Saved entries
++++++++++
(* Let $G=(V,E)$ be a network, $s,t\in V$, and $S\in[S_{min},1]$ any survivability bound. Let $\mathbb{L}=\bigcap_{\pi\in L^{(s,t)}}\pi$, where $L^{(s,t)}$ is the set of weight-shortest $s$–$t$ paths. Then there is a survivable connection $(\pi_1,\pi_2)$ that is an optimal solution of the CT-Constrained Survivability Min-QoS problem with bound $S$ and satisfies $\pi_1\cap\pi_2\subseteq\mathbb{L}$.
   Context: A network is a directed graph $G=(V,E)$ with $M=|E|$. Each link $e$ has failure probability $p_e\in(0,p_{max}]$ with $p_{max}<1$, and positive weight $w_e$. Let $S_{min}=(1-p_{max})^M$. It is assumed that $t$ is reachable from $s$. Paths are identified with link sets, and $W(\pi)=\sum_{e\in\pi}w_e$. A survivable connection is a pair $(\pi_1,\pi_2)$ of simple $s$–$t$ paths; the two paths may coincide. Its critical links are $\pi_1\cap\pi_2$. Its survivability level is $\prod_{e\in\pi_1\cap\pi_2}(1-p_e)$, equal to $1$ if empty. A weight-shortest $s$–$t$ path is an $s$–$t$ path of minimum weight. CT-CSMQ problem: minimize $W(\pi_1)+W(\pi_2)$ over survivable connections with survivability level $\ge S$. *)

From HB Require Import structures.
From mathcomp Require Import all_boot all_order all_algebra.
Set Implicit Arguments. Unset Strict Implicit. Unset Printing Implicit Defensive.
Import Order.TTheory GRing.Theory Num.Theory.
Local Open Scope ring_scope.

Section Net.
Variables (V E : finType) (src dst : E -> V).

Fixpoint walk (x y : V) (es : seq E) : bool :=
  match es with
  | [::] => x == y
  | e :: es' => (src e == x) && walk (dst e) y es'
  end.

Definition simple_path_seq (s t : V) (es : seq E) : bool :=
  walk s t es && uniq (s :: map dst es).

(* A path is identified with its link set. *)
Definition st_path (s t : V) (A : {set E}) : Prop :=
  exists es : seq E, simple_path_seq s t es /\ A = [set e | e \in es].

Variable R : realFieldType.

Definition weight (w : E -> R) (A : {set E}) : R := \sum_(e in A) w e.

Definition shortest_path (w : E -> R) (s t : V) (A : {set E}) : Prop :=
  st_path s t A /\ forall B, st_path s t B -> weight w A <= weight w B.

Definition surv_level (p : E -> R) (P1 P2 : {set E}) : R :=
  \prod_(e in P1 :&: P2) (1 - p e).

Definition feasible (p : E -> R) (s t : V) (S : R) (P1 P2 : {set E}) : Prop :=
  st_path s t P1 /\ st_path s t P2 /\ S <= surv_level p P1 P2.

Definition ctcsmq_optimal (p w : E -> R) (s t : V) (S : R) (P1 P2 : {set E}) : Prop :=
  feasible p s t S P1 P2 /\
  forall Q1 Q2, feasible p s t S Q1 Q2 ->
    weight w P1 + weight w P2 <= weight w Q1 + weight w Q2.

End Net.

From HB Require Import structures.
From mathcomp Require Import all_boot all_order all_algebra.
From mathcomp Require Import boolp.
From mathcomp Require Import lra.
Import Order.TTheory GRing.Theory Num.Theory.
Set Implicit Arguments. Unset Strict Implicit. Unset Printing Implicit Defensive.

(* Among the optimal connections take one with the fewest critical links, and suppose that a
   critical link e misses a weight-shortest path q.  Let u be the last vertex of q lying on the two
   paths before e, and v the first later vertex of q lying on them after e.  The segment of q from
   u to v shares no link with either path and, being part of a shortest path, weighs no more than
   the detour from u through e to v along the paths.  Splicing it in gives one s-t walk through the
   segment and one through e made of the two unused halves: their total weight has not grown and
   their common links are critical links other than e.  Shortcutting both walks to simple paths
   preserves this, and fewer critical links can only raise the survivability, so the result is an
   optimal connection with fewer critical links. *)

Lemma uniq_cat_cons (T : eqType) (a b : seq T) x :
  uniq (a ++ x :: b) -> x \notin a ++ b /\ {in a, forall y, y \notin b}.
Proof.
rewrite uniq_catC /= mem_cat orbC -mem_cat cat_uniq => /andP [-> /and3P [_ /hasPn nba _]].
by split=> // y /nba.
Qed.

Section Walks.
Variables (V E : finType) (src dst : E -> V).
Implicit Types (x y u : V) (g h : E) (es : seq E).

Local Notation walk := (walk src dst).
Local Notation simple_path_seq := (simple_path_seq src dst).

Lemma walk_cat x z y es1 es2 :
  walk x z es1 -> walk z y es2 -> walk x y (es1 ++ es2).
Proof.
elim: es1 x => [|g es1 IH] x /=; first by move=> /eqP ->.
by case/andP=> -> /IH; apply.
Qed.

Lemma walk_catP x y es1 es2 :
  walk x y (es1 ++ es2) -> exists2 z, walk x z es1 & walk z y es2.
Proof.
elim: es1 x => [|g es1 IH] x /=; first by exists x.
by case/andP=> gx /IH [z w1 w2]; exists z; rewrite ?gx.
Qed.

Lemma walk_cat_cons x y es1 g es2 :
  walk x y (es1 ++ g :: es2) -> walk x (src g) es1 /\ walk (dst g) y es2.
Proof. by case/walk_catP=> z w1 /= /andP [/eqP gz w2]; rewrite gz. Qed.

Lemma simple_path_uniq x y es : simple_path_seq x y es -> uniq es.
Proof. by case/andP=> _ /= /andP [_ /map_uniq]. Qed.

Lemma walk_rcons x y es g : walk x y (rcons es g) = walk x (src g) es && (dst g == y).
Proof.
elim: es x => [|g' es IH] x /=; last by rewrite IH andbA.
by rewrite eq_sym.
Qed.

Lemma walk_mem_end x y es : walk x y es -> y \in x :: map dst es.
Proof.
elim: es x => [|g es IH] x /=; first by move=> /eqP ->; rewrite mem_head.
by case/andP=> _ /IH yin; rewrite inE yin orbT.
Qed.

Lemma walk_mem_src x y es h : walk x y es -> h \in es -> src h \in x :: map dst es.
Proof.
elim: es x => [|g es IH] x //= /andP [/eqP gx wes].
rewrite inE => /predU1P [->|/(IH _ wes)]; first by rewrite gx mem_head.
by rewrite !inE => /orP [->|->]; rewrite !orbT.
Qed.

Lemma walk_split_at x y es u : walk x y es -> u \in x :: map dst es ->
  exists es1 es2, [/\ es = es1 ++ es2, walk x u es1 & walk u y es2].
Proof.
elim: es x => [|g es IH] x /=.
  by move=> /eqP -> /[!inE] /eqP ->; exists [::], [::]; rewrite /= eqxx.
case/andP=> /eqP gx wes /[!inE] /orP [/eqP ->|uin].
  by exists [::], (g :: es); rewrite /= gx eqxx wes.
have [es1 [es2 [-> w1 w2]]] := IH _ wes uin.
by exists (g :: es1), es2; rewrite /= gx eqxx w1.
Qed.

Lemma walk_first_hit (Q : pred V) x y es : walk x y es -> Q y ->
  exists u es1 es2, [/\ es = es1 ++ es2, walk x u es1, walk u y es2, Q u
                      & {in es1, forall h, ~~ Q (src h)}].
Proof.
elim: es x => [|g es IH] x /=.
  by move=> /eqP -> Qy; exists y, [::], [::]; rewrite /= eqxx.
case/andP=> /eqP gx wes Qy; case Qx: (Q x).
  by exists x, [::], (g :: es); rewrite /= gx eqxx wes.
have [u [es1 [es2 [-> w1 w2 Qu notQ]]]] := IH _ wes Qy.
exists u, (g :: es1), es2; split; rewrite /= ?gx ?eqxx //.
by move=> h /[!inE] /predU1P [->|/notQ]; rewrite ?gx ?Qx.
Qed.
(* Fix a realization of the field $\{h_v\}$, $\beta>0$, $N=2^n$ with $n\ge10$, $\Delta>0$, $\Delta'\ge0$, a set $S\subset\Lambda_N$ with $\Lambda_{N/8}\subset S$, $\Gamma=\partial S$, and $\tau^+,\tau^-\in\{-1,1\}^\Gamma$ with $\tau^+\ge\tau^-$. Then for any nonempty increasing set $\Omega^+\subset\{-1,1\}^S$ and any nonempty decreasing set $\Omega^-\subset\{-1,1\}^S$, $$\Delta\int_0^1\big(m^{S,\tau^+,t}_{\Omega^+}-m^{S,\tau^-,t}_{\Omega^-}\big)\,dt\leq8\sum_{v\in\Gamma}(\tau^+_v-\tau^-_v)-\frac1\beta\Big(\log\mu^{S,\tau^+,0}(\Omega^+)+\log\mu^{S,\tau^-,1}(\Omega^-)\Big).$$
   Context: Write $u\sim v$ if $|u-v|_1=1$; $\partial A=\{v\in\mathbb Z^2\setminus A:u\sim v\text{ for some }u\in A\}$; $\Lambda_r=\{v\in\mathbb Z^2:|v|_\infty\le r\}$. For $0\le t\le1$ define the field $h^{(t)}_v=h_v+\Delta'$ for $v\in\Lambda_N\setminus\Lambda_{N/8}$ and $h^{(t)}_v=h_v+t\Delta$ for $v\in\Lambda_{N/8}$. For $\tau\in\{-1,1\}^\Gamma$ and $\sigma\in\{-1,1\}^S$, $H^{S,\tau,t}(\sigma)=-\big(\sum_{u\sim v,\,u,v\in S}\sigma_u\sigma_v+\sum_{u\sim v,\,u\in S,v\in\Gamma}\sigma_u\tau_v+\sum_{u\in S}\sigma_uh^{(t)}_u\big)$ and $\mu^{S,\tau,t}(\sigma)\propto e^{-\beta H^{S,\tau,t}(\sigma)}$. For $\Omega\subset\{-1,1\}^S$ with $\mu^{S,\tau,t}(\Omega)>0$, $\mu^{S,\tau,t}_\Omega=\mu^{S,\tau,t}(\cdot\mid\Omega)$ and $m^{S,\tau,t}_\Omega=\sum_{v\in\Lambda_{N/32}}\langle\sigma_v\rangle_{\mu^{S,\tau,t}_\Omega}$. A set $\Omega\subset\{-1,1\}^S$ is increasing if $\sigma\in\Omega$ and $\sigma'\ge\sigma$ imply $\sigma'\in\Omega$; it is decreasing if its complement is increasing. *)

From HB Require Import structures.
From mathcomp Require Import all_boot all_order all_algebra finmap.
From mathcomp Require Import all_classical all_reals all_analysis.
Set Implicit Arguments. Unset Strict Implicit. Unset Printing Implicit Defensive.
Import Order.TTheory GRing.Theory Num.Theory.
Local Open Scope fset_scope.
Local Open Scope ring_scope.

Definition pt := (int * int)%type.

Definition shift (u d : pt) : pt := (u.1 + d.1, u.2 + d.2).
(* the four unit vectors: v ~ u iff v = shift u d for some d in dirs *)
Definition dirs : seq pt := [:: (1, 0); (-1, 0); (0, 1); (0, -1)].
(* half of them: every unordered edge {u, v} is counted once as (u, shift u d) *)
Definition half_dirs : seq pt := [:: (1, 0); (0, 1)].

Definition inbox (r : nat) (v : pt) : bool := (`|v.1|%N <= r)%N && (`|v.2|%N <= r)%N.
Definition coords (r : nat) : seq int := [seq (i%:Z - r%:Z) | i <- iota 0 (r.*2.+1)].
Definition box_seq (r : nat) : seq pt := [seq (x, y) | x <- coords r, y <- coords r].

Definition bdry (S : {fset pt}) : seq pt :=
  undup [seq v <- [seq shift u d | u <- enum_fset S, d <- dirs] | v \notin S].

Definition spin {R : realType} (b : bool) : R := if b then 1 else -1.

Definition config (S : {fset pt}) := {ffun S -> bool}.

(* sigma_v for v in Z^2 (0 if v is not in S; only used for v in S) *)
Definition sigma_at {R : realType} (S : {fset pt}) (s : config S) (v : pt) : R :=
  match insub v : option S with Some x => spin (s x) | None => 0 end.

Definition hfield {R : realType} (h : pt -> R) (N : nat) (Delta Delta' t : R) (v : pt) : R :=
  if inbox (N %/ 8) v then h v + t * Delta else h v + Delta'.
Fixpoint ev_t (env : seq term) (t : term) : term :=
  match t with
  | Var x => Var x
  | BVar i => nth (Var 0) env i
  | Fn f ts => Fn f (map (ev_t env) ts)
  | Eps B => xget (Var 0) (fun d => etfree_lc d /\ ev_f (d :: env) B)
  | Tau B => xget (Var 0) (fun d => etfree_lc d /\ ~~ ev_f (d :: env) B)
  end
with ev_f (env : seq term) (A : formula) : bool :=
  match A with
  | Atom p ts => V (p, map (ev_t env) ts)
  | Bot => false
  | And A B => ev_f env A && ev_f env B
  | Or A B => ev_f env A || ev_f env B
  | Imp A B => ev_f env A ==> ev_f env B
  end.

Fixpoint fval (A : formula) : bool :=
  match A with
  | Atom p ts => V (p, ts)
  | Bot => false
  | And A B => fval A && fval B
  | Or A B => fval A || fval B
  | Imp A B => fval A ==> fval B
  end.

Lemma ev_env :
  (forall t env ext, lc_t (size env) t -> ev_t (env ++ ext) t = ev_t env t) /\
  (forall A env ext, lc_f (size env) A -> ev_f (env ++ ext) A = ev_f env A).
Proof.
apply: term_formula_ind => //=.
- by move=> i env ext lti; rewrite nth_cat lti.
- by move=> f ts IH env ext /allP lc; congr Fn; apply/eq_in_map => t tts; apply: IH (lc t tts).
- by move=> B IH env ext lc; congr xget; apply/funext => d; rewrite (IH (d :: env)).
- by move=> B IH env ext lc; congr xget; apply/funext => d; rewrite (IH (d :: env)).
- by move=> p ts IH env ext /allP lc; congr V; congr pair; apply/eq_in_map => t tts; apply: IH (lc t tts).
all: by move=> A B IHA IHB env ext /andP[lcA lcB]; rewrite IHA ?IHB.
Qed.

Lemma ev_t_lc env t : lc_t 0 t -> ev_t env t = ev_t [::] t.
Proof. exact: ev_env.1 t [::] env. Qed.

Lemma ev_open :
  (forall t env u, lc_t (size env).+1 t -> lc_t 0 u ->
     ev_t env (open_t (size env) u t) = ev_t (rcons env (ev_t [::] u)) t) /\
  (forall A env u, lc_f (size env).+1 A -> lc_t 0 u ->
     ev_f env (open_f (size env) u A) = ev_f (rcons env (ev_t [::] u)) A).
Proof.
apply: term_formula_ind => //=.
- move=> i env u lti lcu; rewrite nth_rcons; case: eqP => [->|neq].
    by rewrite ltnn ev_t_lc.
  by rewrite ltn_neqAle -ltnS lti andbT; move/eqP: neq => ->.
- move=> f ts IH env u /allP lc lcu; congr Fn; rewrite -map_comp.
  by apply/eq_in_map => t tts; apply: IH (lc t tts) lcu.
- by move=> B IH env u lc lcu; congr xget; apply/funext => d; rewrite (IH (d :: env)).
- by move=> B IH env u lc lcu; congr xget; apply/funext => d; rewrite (IH (d :: env)).
- move=> p ts IH env u /allP lc lcu; congr V; congr pair; rewrite -map_comp.
  by apply/eq_in_map => t tts; apply: IH (lc t tts) lcu.
all: by move=> A B IHA IHB env u /andP[lcA lcB] lcu; rewrite IHA ?IHB.
Qed.

Lemma ev_open0 B u : lc_f 1 B -> lc_t 0 u ->
  ev_f [::] (open_f 0 u B) = ev_f [:: ev_t [::] u] B.
Proof. exact: ev_open.2 B [::] u. Qed.

Lemma ev_subst_etfree :
  (forall t s env, etfree_t t -> lc_t 0 t -> (forall x, lc_t 0 (s x)) ->
     ev_t env (subst_t s t) = subst_t (ev_t [::] \o s) t) /\
  (forall A s env, etfree_f A -> lc_f 0 A -> (forall x, lc_t 0 (s x)) ->
     ev_f env (subst_f s A) = fval (subst_f (ev_t [::] \o s) A)).
Proof.
apply: term_formula_ind => //=.
- by move=> x s env _ _ lcs; apply: ev_t_lc.
- move=> f ts IH s env /allP et /allP lc lcs; congr Fn; rewrite -map_comp.
  by apply/eq_in_map => t tts; apply: IH (et t tts) (lc t tts) lcs.
- move=> p ts IH s env /allP et /allP lc lcs; congr V; congr pair; rewrite -map_comp.
  by apply/eq_in_map => t tts; apply: IH (et t tts) (lc t tts) lcs.
all: by move=> A B IHA IHB s env /andP[etA etB] /andP[lcA lcB] lcs; rewrite IHA ?IHB.
Qed.

Lemma etfree_lc_ev env t : all etfree_lc env -> etfree_lc (ev_t env t).
Proof.
move: t env; apply: (@term_mut_ind _ (fun _ => True)) => //=.
- move=> i env /all_nthP envP; case: (ltnP i (size env)) => [ltin|lein].
    exact: envP.
  by rewrite nth_default.
- move=> f ts IH env envP; rewrite /etfree_lc /= !all_map -all_predI.
  by apply/allP => t tts; apply: IH.
all: by move=> B _ env _; case: xgetP => [x _ []|].
Qed.

Lemma ev_inst env s A : ev_f env (inst s A) = peval (fun n => ev_f env (s n)) A.
Proof. by elim: A => //= A IHA B IHB; rewrite IHA IHB. Qed.

Lemma prov_sound L crit F :
  (forall A, L A -> taut A) -> prov L crit F -> ev_f [::] F.
Proof.
move=> L_taut; elim=> {F} [s A /L_taut tA _|B t _ lcB lct|B t _ lcB lct|A B _ hAB _ hA].
- by rewrite ev_inst.
- rewrite /= !ev_open0 //; apply/implyP => Bt.
  have lcevt : etfree_lc (ev_t [::] t) by apply: etfree_lc_ev.
  by case: (xgetI (P := fun d => etfree_lc d /\ ev_f [:: d] B) (Var 0) (conj lcevt Bt)).
- rewrite /= !ev_open0 //; apply/implyP; apply: contraTT => nBt.
  have lcevt : etfree_lc (ev_t [::] t) by apply: etfree_lc_ev.
  by case: (xgetI (P := fun d => etfree_lc d /\ ~~ ev_f [:: d] B) (Var 0) (conj lcevt nBt)).
- by move: hAB => /= /implyP; apply.
Qed.

End HerbrandModel.

Fixpoint atoms (A : formula) : seq (nat * seq term) :=
  match A with
  | Atom p ts => [:: (p, ts)]
  | Bot => [::]
  | And A B | Or A B | Imp A B => atoms A ++ atoms B
  end.

Fixpoint skeleton (ats : seq (nat * seq term)) (A : formula) : pform :=
  match A with
  | Atom p ts => PVar (index (p, ts) ats)
  | Bot => PBot
  | And A B => PAnd (skeleton ats A) (skeleton ats B)
  | Or A B => POr (skeleton ats A) (skeleton ats B)
  | Imp A B => PImp (skeleton ats A) (skeleton ats B)
  end.

Definition atom_inst (ats : seq (nat * seq term)) (n : nat) : formula :=
  nth Bot [seq Atom a.1 a.2 | a <- ats] n.

Lemma lc_atoms k A : lc_f k A -> all (fun a => all (lc_t k) a.2) (atoms A).
Proof.
elim: A => [p ts||A IHA B IHB|A IHA B IHB|A IHA B IHB] //=; first by move->.
all: by case/andP=> /IHA lcA /IHB lcB; rewrite all_cat lcA lcB.
Qed.

Lemma lc_atom_inst ats n : all (fun a => all (lc_t 0) a.2) ats -> lc_f 0 (atom_inst ats n).
Proof.
move=> /all_nthP lcats; rewrite /atom_inst; case: (ltnP n (size ats)) => [ltn|len].
  by rewrite (nth_map (0, [::])) //=; apply: lcats.
by rewrite nth_default ?size_map.
Qed.

Lemma peval_skeleton ats v A :
  peval v (skeleton ats A) = fval (fun a => v (index a ats)) A.
Proof. by elim: A => //= A -> B ->. Qed.

Lemma inst_skeleton ats A :
  {subset atoms A <= ats} -> inst (atom_inst ats) (skeleton ats A) = A.
Proof.
elim: A => [p ts||A IHA B IHB|A IHA B IHB|A IHA B IHB] //= sub.
  rewrite /atom_inst (nth_map (0, [::])) ?index_mem ?sub ?mem_head //.
  by rewrite nth_index ?sub ?mem_head.
all: by rewrite IHA ?IHB // => a aA; apply: sub; rewrite mem_cat aA ?orbT.
Qed.

Lemma inst_pbigOr s Ps : inst s (pbigOr Ps) = bigOr (map (inst s) Ps).
Proof. by elim: Ps => [|P [|Q Ps] IH] //=; rewrite IH. Qed.

(* [~F_1 \/ ... \/ ~F_k] is a substitution instance of its propositional
   skeleton, which is a tautology. *)
Lemma prov_bigOr_neg L Fs :
  intermediate L -> (forall A, L (POr (PNeg A) (PNeg (PNeg A)))) ->
  all (lc_f 0) Fs -> (forall V, has (fun F => ~~ fval V F) Fs) ->
  prov L false (bigOr (map Neg Fs)).
Proof.
move=> [L_IPC _ L_MP _] L_wem /allP lcFs unsat.
pose ats := flatten (map atoms Fs).
pose Q := pbigOr (map PNeg (map (skeleton ats) Fs)).
have LQ : L Q.
  apply: L_taut_disj_neg => // v; rewrite peval_pbigOr !has_map.
  apply: sub_has (unsat (fun a => v (index a ats))) => F.
  by rewrite /= peval_skeleton implybF.
have lc_ats : all (fun a => all (lc_t 0) a.2) ats.
  by apply/allP => a /flatten_mapP[F /lcFs /lc_atoms /allP lcF /lcF].
have := pr_inst false LQ (fun n => lc_atom_inst n lc_ats).
rewrite inst_pbigOr -!map_comp; congr (prov _ _ (bigOr _)).
apply/eq_in_map => F FFs /=; rewrite inst_skeleton // => a aF.
by apply/flatten_mapP; exists F.
Qed.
++++++++++
Looking at the data above, give the number of lines that include "fewer"; add nothing else.

ANSWER TO THIS PROBLEM -
2